- _Instructions for the task_
Determine the count of lines in the data below that include the word "normrM", and give nothing besides it.

[Items listed in a dataset]
▼▼▼

(* For all integers $n\ge0$ and $p\ge0$, $$\mathcal{B}_{n,p}=\sum_{k\ge0}\binom{p+k}{k}^{-1}{}_1F_1(k+1;p+k+1;-1)\frac{k^n}{k!},$$ with the convention $0^0=1$.
   Context: ${}_1F_1(a;c;w)=\sum_{n\ge0}\frac{a^{\overline n}}{c^{\overline n}}\frac{w^n}{n!}$ is Kummer's confluent hypergeometric function, where $a^{\overline n}=a(a+1)\cdots(a+n-1)$. For an integer $p\ge0$, the $p$-Bell numbers $\mathcal{B}_{n,p}$ are defined by $\sum_{n\ge0}\mathcal{B}_{n,p}\frac{z^n}{n!}=\sum_{n\ge0}\binom{n+p}{p}^{-1}\frac{(e^z-1)^n}{n!}$. *)

From mathcomp Require Import all_boot all_order all_algebra.
From mathcomp Require Import all_classical all_reals all_analysis.
Set Implicit Arguments. Unset Strict Implicit. Unset Printing Implicit Defensive.
Import Order.TTheory GRing.Theory Num.Theory.
Import numFieldNormedType.Exports.
Local Open Scope ring_scope.

Definition rising {R : pzRingType} (a : R) (n : nat) : R :=
  \prod_(i < n) (a + i%:R).

Definition hyp1F1 {R : realType} (a c w : R) : R :=
  let u : R^nat := fun n => rising a n / rising c n * w ^+ n / (n`!)%:R in
  limn (series u).

Definition expm1_trunc {R : realType} (n : nat) : {poly R} :=
  \sum_(1 <= j < n.+1) ((j`!)%:R)^-1 *: 'X^j.

(* p-Bell numbers: B_{n,p} = n! [z^n] sum_k C(k+p,p)^{-1} (e^z-1)^k/k!,
   computed as formal power series coefficient extraction.  Since e^z-1 has
   no constant term, only k <= n and the terms of degree <= n of e^z-1
   contribute to [z^n], so the truncation below is exact. *)
Definition pBell {R : realType} (n p : nat) : R :=
  (n`!)%:R * (\sum_(k < n.+1)
     ((('C(k + p, p))%:R)^-1 / (k`!)%:R) *: (expm1_trunc n) ^+ k)`_n.

From mathcomp Require Import all_boot all_order all_algebra.
From mathcomp Require Import all_classical all_reals all_analysis.
From mathcomp Require Import ring.
Set Implicit Arguments.
Unset Strict Implicit.
Import Order.TTheory GRing.Theory Num.Theory.
Import numFieldNormedType.Exports.
Local Open Scope classical_set_scope.
Local Open Scope ring_scope.

(* Expanding (e^z - 1)^s by the binomial theorem gives Stirling's formula
   n! [z^n] (e^z - 1)^s / s! = sum_(i + m = s) (i^n / i!) ((-1)^m / m!),
   which vanishes for s > n; hence B_(n,p) = sum_s d_s sum_(i + m = s) a_i b_m
   with a_i = i^n/i!, b_m = (-1)^m/m! and d_s = C(s+p,p)^-1.  Summing over i
   first instead gives sum_i a_i sum_m b_m d_(i+m), and the inner series is
   C(p+i,i)^-1 1F1(i+1; p+i+1; -1).  The two orders of summation agree in the
   limit because the tails of sum_m b_m d_(i+m) are bounded by 2/M!, so the
   K-th partial sums differ by at most 2 K^n 2^K / K!. *)

Lemma natr_fact_neq0 {R : numDomainType} k : k`!%:R != 0 :> R.
Proof. by rewrite pnatr_eq0 -lt0n fact_gt0. Qed.

Lemma natr_bin_addl_neq0 {R : numDomainType} j p : 'C(j + p, p)%:R != 0 :> R.
Proof. by rewrite pnatr_eq0 -lt0n bin_gt0 leq_addl. Qed.

Lemma norm_invr_bin_addl_le1 {R : numFieldType} j p :
  `|('C(j + p, p)%:R : R)^-1| <= 1.
Proof. by rewrite ger0_norm ?invr_ge0 // invf_le1 ?ler1n ?ltr0n bin_gt0 leq_addl. Qed.

Lemma natr_binE {R : numFieldType} k j : (j <= k)%N ->
  'C(k, j)%:R = k`!%:R / (j`!%:R * (k - j)`!%:R) :> R.
Proof.
by move=> le_jk; rewrite -(bin_fact le_jk) !natrM mulfK // mulf_neq0 ?natr_fact_neq0.
Qed.

Lemma rising_natSE {R : numFieldType} j m :
  rising (j.+1)%:R m = (j + m)`!%:R / j`!%:R :> R.
Proof.
elim: m => [|m IHm]; first by rewrite /rising big_ord0 addn0 divff ?natr_fact_neq0.
rewrite /rising big_ord_recr -/(rising _ _) IHm /= addnS factS natrM -natrD addSn.
by field; rewrite natr_fact_neq0.
Qed.

Lemma norm_sign_div_fact_le {R : numFieldType} m (c : R) : `|c| <= 1 ->
  `|(-1) ^+ m / m`!%:R * c| <= (m`!%:R)^-1.
Proof.
move=> c_le1; rewrite normrM normrM normrX normrN1 expr1n mul1r normfV normr_nat.
by rewrite -[X in _ <= X]mulr1 ler_wpM2l ?invr_ge0.
Qed.

Definition exp_trunc (R : numFieldType) (N : nat) : {poly R} :=
  \poly_(j < N.+1) (j`!%:R)^-1.

Lemma coef_exp_trunc_pow (R : numFieldType) N i a : (a <= N)%N ->
  (exp_trunc R N ^+ i)`_a = i%:R ^+ a / a`!%:R.
Proof.
elim: i a => [|i IHi] a le_aN.
  by rewrite expr0 coef1; case: a le_aN => [|a] _; rewrite ?fact0 ?divr1 // expr0n mul0r.
rewrite exprSr coefM -natr1 exprD1n mulr_suml; apply: eq_bigr => -[j /=] lt_ja _.
have le_ja : (j <= a)%N by rewrite -ltnS.
rewrite IHi ?(leq_trans le_ja) // coef_poly ltnS (leq_trans (leq_subr _ _) le_aN).
rewrite -[_ *+ 'C(a, j)]mulr_natr natr_binE //.
by field; rewrite !natr_fact_neq0.
Qed.

Definition stirling2 (R : numFieldType) (n s : nat) : R :=
  \sum_(i < s.+1) i%:R ^+ n / i`!%:R * ((-1) ^+ (s - i) / (s - i)`!%:R).

Section TruncatedExpm1.
Variable R : realType.

Lemma expm1_truncE N : expm1_trunc N = exp_trunc R N - 1.
Proof.
rewrite /expm1_trunc /exp_trunc poly_def big_ord_recl /= fact0 invr1 expr0 scale1r.
by rewrite addrC addKr big_add1 big_mkord.
Qed.

Lemma coef_expm1_trunc_pow N s a : (a <= N)%N ->
  (expm1_trunc N ^+ s)`_a = s`!%:R / a`!%:R * stirling2 R a s.
Proof.
move=> le_aN; rewrite expm1_truncE addrC exprDn coef_sum mulr_sumr.
apply: eq_bigr => -[i /=] lt_is _.
rewrite coefMn -(rmorphN1 polyC) -rmorphXn coefCM coef_exp_trunc_pow //.
rewrite -[_ *+ 'C(s, i)]mulr_natr natr_binE //.
by field; rewrite !natr_fact_neq0.
Qed.

Lemma coef_expm1_trunc_pow_small N s a : (a < s)%N ->
  (expm1_trunc N ^+ s)`_a = 0 :> R.
Proof.
have -> : expm1_trunc (R := R) N = 'X * \sum_(j < N) (j.+1`!%:R)^-1 *: 'X^j.
  rewrite /expm1_trunc big_add1 big_mkord mulr_sumr; apply: eq_bigr => j _.
  by rewrite exprS scalerAr.
by move=> lt_as; rewrite exprMn coefXnM lt_as.
Qed.

Lemma stirling2_eq0 n s : (n < s)%N -> stirling2 R n s = 0.
Proof.
move=> lt_ns; have := coef_expm1_trunc_pow s (leqnn n).
rewrite coef_expm1_trunc_pow_small // => /esym /eqP.
by rewrite !mulf_eq0 invr_eq0 !(negPf (natr_fact_neq0 _)) => /eqP.
Qed.

Lemma pBell_stirling2 n p :
  pBell n p = \sum_(k < n.+1) ('C(k + p, p)%:R)^-1 * stirling2 R n k.
Proof.
rewrite /pBell coef_sum mulr_sumr; apply: eq_bigr => k _.
rewrite coefZ coef_expm1_trunc_pow //.
by field; rewrite natr_bin_addl_neq0 !natr_fact_neq0.
Qed.

End TruncatedExpm1.

Lemma sum_convolution_exchange (R : comPzSemiRingType) (a b d : nat -> R) K :
  \sum_(0 <= i < K) a i * \sum_(0 <= m < K - i) b m * d (i + m)%N =
  \sum_(0 <= s < K) d s * \sum_(i < s.+1) a i * b (s - i)%N.
Proof.
pose f i s := a i * b (s - i)%N * d s.
transitivity (\sum_(0 <= i < K) \sum_(i <= s < K) f i s).
  apply: eq_bigr => i _; rewrite (big_addn 0 K i) mulr_sumr.
  by apply: eq_bigr => m _; rewrite /f addnK addnC mulrA.
under eq_bigr => i _ do rewrite (@big_nat_widenl _ _ _ i 0) //.
rewrite (exchange_big_dep_nat predT) //; apply: eq_big_nat => s /andP[_ lt_sK].
rewrite -(big_mkord xpredT (fun i => a i * b (s - i)%N)).
rewrite (@big_nat_widen _ _ _ 0 s.+1 K) // mulr_sumr.
by apply: eq_big => [i | i _]; rewrite // /f mulrC.
Qed.

Lemma leq_bin_exp2 m k : ('C(m, k) <= 2 ^ m)%N.
Proof.
elim: m k => [|m IHm] [|k] //; first by rewrite bin0 expn_gt0.
by rewrite binS expnS mul2n -addnn leq_add.
Qed.

Lemma leq_expn_fact_exp2 K n : (K ^ n <= n`! * 2 ^ (K + n))%N.
Proof.
have le_ffact : (K ^ n <= (K + n) ^_ n)%N.
  elim: n => [|n IHn] //; rewrite addnS ffactSS expnS leq_mul //.
  exact: leq_trans (leq_addr n K) (leqnSn _).
by rewrite (leq_trans le_ffact) // -bin_ffact mulnC leq_mul2l leq_bin_exp2 orbT.
Qed.

Lemma leq_sum_bin_mul_expn K n :
  (\sum_(0 <= i < K) 'C(K, i) * i ^ n <= K ^ n * 2 ^ K)%N.
Proof.
have sum_bin : (\sum_(i < K.+1) 'C(K, i) = 2 ^ K)%N.
  by rewrite -[2%N]/(1 + 1)%N expnDn; apply: eq_bigr => i _; rewrite !exp1n !muln1.
rewrite -sum_bin big_distrr big_mkord big_ord_recr /= (leq_trans _ (leq_addr _ _)) //.
apply: leq_sum => i _; rewrite mulnC leq_mul2r; case: n => [|n]; first by rewrite orbT.
by rewrite leq_exp2r // ltnW ?orbT.
Qed.

Lemma cvg_natrX_exp_coeff {R : realType} n (x : R) :
  (fun K => K%:R ^+ n * exp_coeff x K) @ \oo --> 0.
Proof.
apply: norm_cvg0.
apply: (@squeeze_cvgr _ _ _ _ (cst 0)
  (fun K => n`!%:R * 2 ^+ n * exp_coeff (2 * `|x|) K)).
- near=> K; rewrite normr_ge0 /= /exp_coeff /= !normrM !normrX normfV !normr_nat exprMn.
  have -> : n`!%:R * 2 ^+ n * (2 ^+ K * `|x| ^+ K / K`!%:R) =
      (n`! * 2 ^ (K + n))%:R * (`|x| ^+ K / K`!%:R) :> R.
    by rewrite natrM natrX exprD; ring.
  by rewrite ler_wpM2r ?divr_ge0 ?exprn_ge0 // -natrX ler_nat leq_expn_fact_exp2.
- exact: cvg_cst.
- by rewrite -(mulr0 (n`!%:R * 2 ^+ n)); apply: cvgMr; exact: cvg_exp_coeff.
Unshelve. all: by end_near.
Qed.

Lemma sum_natrX_div_fact_tail_le {R : realType} n K :
  \sum_(0 <= i < K) i%:R ^+ n / i`!%:R * (2 / (K - i)`!%:R)
    <= 2 * (K%:R ^+ n * exp_coeff 2 K) :> R.
Proof.
have termE i : (0 <= i < K)%N ->
    i%:R ^+ n / i`!%:R * (2 / (K - i)`!%:R) = 2 / K`!%:R * ('C(K, i) * i ^ n)%:R :> R.
  move=> /andP[_ /ltnW le_iK]; rewrite natrM natrX natr_binE //.
  by field; rewrite !natr_fact_neq0.
rewrite (eq_big_nat _ _ termE) -mulr_sumr -natr_sum.
have -> : 2 * (K%:R ^+ n * exp_coeff 2 K) = 2 / K`!%:R * (K ^ n * 2 ^ K)%:R :> R.
  by rewrite /exp_coeff /= natrM !natrX; field; rewrite natr_fact_neq0.
by rewrite ler_wpM2l ?divr_ge0 // ler_nat leq_sum_bin_mul_expn.
Qed.

Lemma sum_inv_fact_tail_le {R : numFieldType} M N : (0 < M)%N -> (M <= N)%N ->
  \sum_(M <= m < N) (m`!%:R)^-1 + 2 / N`!%:R <= 2 / M`!%:R :> R.
Proof.
move=> M_gt0; elim: N => [|N IHN]; first by rewrite leqn0 => /eqP M0; rewrite M0 in M_gt0.
rewrite leq_eqVlt => /orP[/eqP <-|]; first by rewrite big_geq // add0r.
rewrite ltnS => le_MN; rewrite big_nat_recr //= -addrA (le_trans _ (IHN le_MN)) //.
have le_2_SN : 2 / N.+1%:R <= 1 :> R.
  by rewrite ler_pdivrMr ?ltr0n // mul1r ler_nat ltnS (leq_trans M_gt0).
rewrite lerD2l factS natrM invfM mulrA -{1}[N`!%:R^-1]mul1r -mulrDl.
by rewrite ler_pM2r ?invr_gt0 ?ltr0n ?fact_gt0 // -[X in _ <= X]/(1 + 1) lerD2l.
Qed.

Section InvFactDominatedSeries.
Variables (R : realType) (w : R ^nat).
Hypothesis w_le : forall m, `|w m| <= (m`!%:R)^-1.

Lemma is_cvg_series_inv_fact_dominated : cvgn (series w).
Proof.
apply: normed_cvg; apply: (@series_le_cvg _ _ (exp_coeff 1)) => [m|m|m|].
- exact: normr_ge0.
- exact: exp_coeff_ge0.
- by rewrite /exp_coeff /= expr1n mul1r.
- exact: is_cvg_series_exp_coeff.
Qed.

Lemma lim_series_inv_fact_dominated_tail M : (0 < M)%N ->
  `|limn (series w) - series w M| <= 2 / M`!%:R.
Proof.
move=> M_gt0.
have cvg_tail : `|series w N - series w M| @[N --> \oo] -->
    `|limn (series w) - series w M|.
  apply: cvg_norm; apply: cvgB; last exact: cvg_cst.
  exact: is_cvg_series_inv_fact_dominated.
apply: (cvgr_to_le cvg_tail); near=> N.
have le_MN : (M <= N)%N by near: N; exists M.
rewrite /series /= (@big_cat_nat _ _ _ M 0 N) //= addrAC subrr add0r.
apply: le_trans (ler_norm_sum _ _ _) _.
apply: le_trans (sum_inv_fact_tail_le M_gt0 le_MN); rewrite -[X in X <= _]addr0.
by apply: lerD; [exact: ler_sum | rewrite divr_ge0].
Unshelve. all: by end_near.
Qed.

End InvFactDominatedSeries.

Section StirlingExchange.
Variables (R : realType) (n : nat) (d : R ^nat).
Hypothesis d_le1 : forall j, `|d j| <= 1.

Let F i : R := limn (series (fun m => (-1) ^+ m / m`!%:R * d (i + m)%N)).

Lemma series_exchange_error_le K :
  `|series (fun i => i%:R ^+ n / i`!%:R * F i) K -
    \sum_(0 <= s < K) d s * stirling2 R n s| <= 2 * (K%:R ^+ n * exp_coeff 2 K).
Proof.
rewrite /stirling2 -(sum_convolution_exchange (fun i => i%:R ^+ n / i`!%:R)
  (fun m => (-1) ^+ m / m`!%:R)) /series /= -sumrB.
rewrite (le_trans (ler_norm_sum _ _ _)) //.
rewrite (le_trans _ (sum_natrX_div_fact_tail_le n K)) //.
apply: ler_sum_nat => i /andP[_ lt_iK].
have a_ge0 : 0 <= i%:R ^+ n / i`!%:R :> R by rewrite divr_ge0 ?exprn_ge0.
rewrite -mulrBr normrM ger0_norm // ler_wpM2l //.
apply: lim_series_inv_fact_dominated_tail; last by rewrite subn_gt0.
by move=> m; apply: norm_sign_div_fact_le.
Qed.

Lemma cvg_series_stirling2 :
  series (fun i => i%:R ^+ n / i`!%:R * F i) @ \oo -->
    \sum_(s < n.+1) d s * stirling2 R n s.
Proof.
apply/subr_cvg0; apply: norm_cvg0.
apply: (@squeeze_cvgr _ _ _ _ (cst 0) (fun K => 2 * (K%:R ^+ n * exp_coeff 2 K))).
- near=> K; rewrite normr_ge0 /=.
  have lt_nK : (n < K)%N by near: K; exists n.+1.
  have -> : \sum_(s < n.+1) d s * stirling2 R n s =
      \sum_(0 <= s < K) d s * stirling2 R n s.
    rewrite (@big_cat_nat _ _ _ n.+1 0 K) //= [X in _ + X]big1_seq ?addr0 ?big_mkord //.
    move=> s /=; rewrite mem_index_iota => /andP[lt_ns _].
    by rewrite stirling2_eq0 ?mulr0.
  by have := series_exchange_error_le K.
- exact: cvg_cst.
- by rewrite -(mulr0 2); apply: cvgMr; exact: cvg_natrX_exp_coeff.
Unshelve. all: by end_near.
Qed.

End StirlingExchange.

Lemma bin_hyp1F1_seriesE (R : realType) p k :
  ('C(p + k, k)%:R)^-1 * hyp1F1 (k.+1%:R) ((p + k).+1%:R) (-1) =
  limn (series (fun m => (-1) ^+ m / m`!%:R * ('C(k + m + p, p)%:R : R)^-1)).
Proof.
set u := fun m => _; rewrite /hyp1F1 /=.
have -> : (fun m => rising (k.+1%:R : R) m / rising ((p + k).+1%:R) m
                      * (-1) ^+ m / m`!%:R) = 'C(p + k, k)%:R *: u.
  apply/funext => m; rewrite -[RHS]/('C(p + k, k)%:R * u m) /u.
  rewrite !rising_natSE !natr_binE ?leq_addl ?leq_addr // !addnK.
  rewrite [(k + m + p)%N]addnC addnA.
  by field; rewrite !natr_fact_neq0.
rewrite lim_seriesZ ?mulKf ?natr_bin_addl_neq0 //.
apply: is_cvg_series_inv_fact_dominated => m.
exact/norm_sign_div_fact_le/norm_invr_bin_addl_le1.
Qed.

Theorem mainTheorem20 (R : realType) (n p : nat) :
  series (fun k : nat =>
    ((('C(p + k, k))%:R)^-1 * hyp1F1 (k.+1%:R) ((p + k).+1%:R) (-1)
      * ((k%:R : R) ^+ n) / (k`!)%:R)) @ \oo --> (pBell n p : R).
Proof.
have -> : (fun k : nat => ('C(p + k, k)%:R)^-1 * hyp1F1 (k.+1%:R) ((p + k).+1%:R) (-1)
      * (k%:R : R) ^+ n / k`!%:R) =
    (fun k => k%:R ^+ n / k`!%:R *
      limn (series (fun m => (-1) ^+ m / m`!%:R * ('C(k + m + p, p)%:R : R)^-1))).
  by apply/funext => k; rewrite -bin_hyp1F1_seriesE; ring.
rewrite pBell_stirling2.
apply: (@cvg_series_stirling2 R n (fun j => ('C(j + p, p)%:R)^-1)) => j.
exact: norm_invr_bin_addl_le1.
Qed.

▲▲▲

- _Final answer_
3